Monday, May 4, 2009

On the Environmental Disaster of Animal Agriculture

During the past month, there have been a series of excellent and informative articles on the environmental disaster of animal agriculture written by Angel Flinn on Care2. I strongly urge everyone to read these articles and use them as educational tools in the fight to abolish the most deplorable industry in the world.

The most recent of Angel's articles on Care2 is about the recent Swine Flu outbreak entitled: The Flu Lagoon: A Disaster Waiting to Happen. There is a comment section if you would like to express your thoughts.

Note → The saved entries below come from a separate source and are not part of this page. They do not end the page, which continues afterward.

(* Let $f:\mathcal{D}_M\to\mathbb{R}$ be continuous, where $M>0$ and $$\mathcal{D}_M=\{(t,x,y,z):\ 0\le t\le 1,\ |x|\le M_0M,\ |y|\le M_1M,\ |z|\le M_2M\},\qquad M_0=\tfrac{1}{12},\ M_1=\tfrac18,\ M_2=\tfrac12 .$$ Assume there are constants $L_0,L_1,L_2\ge 0$ such that $|f(t,x,y,z)|\le M$ for all $(t,x,y,z)\in\mathcal{D}_M$, $$|f(t,x_2,y_2,z_2)-f(t,x_1,y_1,z_1)|\le L_0|x_2-x_1|+L_1|y_2-y_1|+L_2|z_2-z_1|$$ for all $(t,x_i,y_i,z_i)\in\mathcal{D}_M$ ($i=1,2$), and $q:=L_0M_0+L_1M_1+L_2M_2<1$. Consider the iteration: $\varphi_0(t)=f(t,0,0,0)$ and, for $k=0,1,\dots$, $$u_k(t)=\int_0^1G_0(t,s)\varphi_k(s)\,ds,\quad y_k(t)=\int_0^1G_1(t,s)\varphi_k(s)\,ds,\quad z_k(t)=\int_0^1G_2(t,s)\varphi_k(s)\,ds,$$ $$\varphi_{k+1}(t)=f(t,u_k(t),y_k(t),z_k(t)),$$ and set $p_k=\dfrac{q^k}{1-q}\|\varphi_1-\varphi_0\|$, where $\|\cdot\|$ is the maximum norm on $[0,1]$. Let $u$ be the (unique) solution of the boundary value problem $$u'''(t)=f(t,u(t),u'(t),u''(t)),\ 0<t<1,\qquad u(0)=0,\ u'(0)=0,\ u'(1)=0,$$ satisfying $|u(t)|\le M_0M$, $|u'(t)|\le M_1M$, $|u''(t)|\le M_2M$ on $[0,1]$. Then the iterative method converges and for all $k\ge 0$ $$\|u_k-u\|\le M_0p_k,\qquad \|u_k'-u'\|\le M_1p_k,\qquad \|u_k''-u''\|\le M_2p_k .$$
   Context: The kernels are $G_0(t,s)=\frac{s}{2}(t^2-2t+s)$ for $0\le s\le t\le1$ and $G_0(t,s)=\frac{t^2}{2}(s-1)$ for $0\le t\le s\le 1$; $G_1(t,s)=s(t-1)$ for $0\le s\le t\le 1$ and $G_1(t,s)=t(s-1)$ for $0\le t\le s\le 1$; $G_2(t,s)=s$ for $0\le s\le t\le 1$ and $G_2(t,s)=s-1$ for $0\le t\le s\le 1$. ($G_0$ is the Green function of $u'''=\varphi$, $u(0)=u'(0)=u'(1)=0$, and $G_1=\partial_tG_0$, $G_2=\partial_t^2G_0$.) The constants satisfy $M_n=\max_{0\le t\le 1}\int_0^1|G_n(t,s)|\,ds$ for $n=0,1,2$. Under these hypotheses the boundary value problem has exactly one solution with the stated bounds. *)

From Stdlib Require Import Reals Lra.
From Coquelicot Require Import Coquelicot.
Open Scope R_scope.

Definition M0 : R := 1/12.
Definition M1 : R := 1/8.
Definition M2 : R := 1/2.

Definition G0 (t s : R) : R :=
  if Rle_dec s t then s / 2 * (t ^ 2 - 2 * t + s) else t ^ 2 / 2 * (s - 1).
Definition G1 (t s : R) : R :=
  if Rle_dec s t then s * (t - 1) else t * (s - 1).
Definition G2 (t s : R) : R :=
  if Rle_dec s t then s else s - 1.

Definition inD (M t x y z : R) : Prop :=
  0 <= t <= 1 /\ Rabs x <= M0 * M /\ Rabs y <= M1 * M /\ Rabs z <= M2 * M.

Definition continuous_on_D (M : R) (f : R -> R -> R -> R -> R) : Prop :=
  forall t x y z, inD M t x y z ->
  forall eps : R, 0 < eps -> exists delta : R, 0 < delta /\
    forall t' x' y' z', inD M t' x' y' z' ->
      Rabs (t' - t) < delta -> Rabs (x' - x) < delta ->
      Rabs (y' - y) < delta -> Rabs (z' - z) < delta ->
      Rabs (f t' x' y' z' - f t x y z) < eps.

Fixpoint phi (f : R -> R -> R -> R -> R) (k : nat) (t : R) : R :=
  match k with
  | O => f t 0 0 0
  | S k' => f t (RInt (fun s => G0 t s * phi f k' s) 0 1)
                (RInt (fun s => G1 t s * phi f k' s) 0 1)
                (RInt (fun s => G2 t s * phi f k' s) 0 1)
  end.

Definition uk (f : R -> R -> R -> R -> R) (k : nat) (t : R) : R :=
  RInt (fun s => G0 t s * phi f k s) 0 1.
Definition yk (f : R -> R -> R -> R -> R) (k : nat) (t : R) : R :=
  RInt (fun s => G1 t s * phi f k s) 0 1.
Definition zk (f : R -> R -> R -> R -> R) (k : nat) (t : R) : R :=
  RInt (fun s => G2 t s * phi f k s) 0 1.

Definition supnorm01 (g : R -> R) : R :=
  real (Lub_Rbar (fun r => exists t, 0 <= t <= 1 /\ r = Rabs (g t))).

Definition continuous_on01 (g : R -> R) : Prop :=
  forall t, 0 <= t <= 1 -> forall eps : R, 0 < eps -> exists delta : R, 0 < delta /\
    forall t', 0 <= t' <= 1 -> Rabs (t' - t) < delta -> Rabs (g t' - g t) < eps.

From Stdlib Require Import Reals Lra Psatz.
From Coquelicot Require Import Coquelicot.
Open Scope R_scope.

(** [G0] is the Green function of [u''' = F], [u(0) = u'(0) = u'(1) = 0],
    and [G1], [G2] are its first two [t]-derivatives; [M0], [M1], [M2] are
    the maxima over [t] of [int_0^1 |Gn(t,s)| ds].  Hence the solution
    satisfies [u^(n) = int Gn F] with [F = f(., u, u', u'')], i.e. [F] is a
    fixed point of the Picard map [h |-> f(., int G0 h, int G1 h, int G2 h)],
    whose iterates are the [phi_k].  On continuous functions bounded by [M]
    this map is a contraction of ratio [q = L0 M0 + L1 M1 + L2 M2] for the
    maximum norm, which gives [|phi_k - F| <= q^k / (1 - q) |phi_1 - phi_0|];
    the kernel bounds transfer this estimate to [u_k^(n) - u^(n)]. *)

Definition clamp (x : R) : R := Rmax 0 (Rmin x 1).

Lemma clamp_in01 x : 0 <= clamp x <= 1.
Proof. unfold clamp, Rmax, Rmin. repeat destruct Rle_dec; lra. Qed.

Lemma clamp_id x : 0 <= x <= 1 -> clamp x = x.
Proof. unfold clamp, Rmax, Rmin. repeat destruct Rle_dec; lra. Qed.

Lemma Rabs_clamp_minus_le x y : Rabs (clamp y - clamp x) <= Rabs (y - x).
Proof.
  unfold clamp, Rmax, Rmin. repeat destruct Rle_dec; unfold Rabs; repeat destruct Rcase_abs; lra.
Qed.

Lemma continuous_on01_ext (g1 g2 : R -> R) :
  (forall x, 0 <= x <= 1 -> g1 x = g2 x) -> continuous_on01 g1 -> continuous_on01 g2.
Proof.
  intros E Hc t Ht eps Heps. destruct (Hc t Ht eps Heps) as [d [Hd H]].
  exists d. split; [exact Hd|]. intros t' Ht' Hlt. rewrite <- !E by assumption. auto.
Qed.

Lemma continuous_on01_of_continuous (g : R -> R) :
  (forall x, continuous g x) -> continuous_on01 g.
Proof.
  intros Hc t _ eps Heps.
  destruct (proj2 (continuity_pt_filterlim g t) (Hc t) eps Heps) as [d [Hd H]].
  exists d. split; [exact Hd|]. intros t' _ Hlt.
  destruct (Req_dec t' t) as [->|Hne]; [rewrite Rminus_diag, Rabs_R0; lra|].
  apply (H t'). split; [split; [exact I|auto]|exact Hlt].
Qed.

Lemma continuous_on01_iff_clamp (g : R -> R) :
  continuous_on01 g <-> forall x, continuous (fun s => g (clamp s)) x.
Proof.
  split.
  - intros Hc x. apply continuity_pt_filterlim. intros eps Heps.
    destruct (Hc (clamp x) (clamp_in01 x) eps Heps) as [d [Hd H]].
    exists d. split; [exact Hd|]. intros y [_ Hy]. simpl in *. unfold R_dist in *.
    apply H; [apply clamp_in01|]. eapply Rle_lt_trans; [apply Rabs_clamp_minus_le|exact Hy].
  - intros Hc. apply (continuous_on01_ext (fun s => g (clamp s))).
    + intros x Hx. rewrite clamp_id; auto.
    + apply continuous_on01_of_continuous, Hc.
Qed.

Lemma continuous_on01_minus (g1 g2 : R -> R) :
  continuous_on01 g1 -> continuous_on01 g2 -> continuous_on01 (fun s => g1 s - g2 s).
Proof.
  rewrite !continuous_on01_iff_clamp. intros H1 H2 x.
  exact (continuous_minus _ _ x (H1 x) (H2 x)).
Qed.

Lemma continuous_on01_bounded (g : R -> R) :
  continuous_on01 g -> exists B, forall s, 0 <= s <= 1 -> Rabs (g s) <= B.
Proof.
  intros Hc. rewrite continuous_on01_iff_clamp in Hc.
  destruct (continuity_ab_maj (fun s => Rabs (g (clamp s))) 0 1) as [m [Hm _]]; [lra| |].
  - intros c _. apply (continuity_pt_comp (fun s => g (clamp s)) Rabs).
    + apply continuity_pt_filterlim, Hc.
    + apply Rcontinuity_abs.
  - exists (Rabs (g (clamp m))). intros s Hs.
    specialize (Hm s Hs). simpl in Hm. rewrite clamp_id in Hm; assumption.
Qed.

Prior to the article noted above, Angel recently wrote the following informative articles:

On the ecological benefits of veganism:

The Vegan Solution: An Ideal Whose Time Has Come

On the ecological and moral problems of free range animal agriculture:

Free Range Is Not the Answer

On how animal agriculture, specifically the chicken and egg industry, is the soy monoculture industry’s biggest customer. Indeed, the soy industry has come out against the vegan movement because their largest customer, by far, is animal agriculture.

As We Soy, So Shall We Reap

These articles are very informative and well-written. I cannot recommend them enough for both reading and sharing with others.

Food Miles Versus Food Choices

One notion brought up in the comment section of the Free Range article (linked above) was the impact of food miles. While it is usually beneficial and important to buy locally and reduce “food miles”, the benefit of buying local is often grossly exaggerated when compared to the benefits of vegan food choices. Here is a peer-reviewed study on Food Miles versus Food Choices by two engineers, Christopher L. Weber and H. Scott Matthews, at Carnegie Mellon University. The study was funded by an EPA Science to Achieve Results Fellowship and a National Science Foundation MUSES grant (see bottom of link).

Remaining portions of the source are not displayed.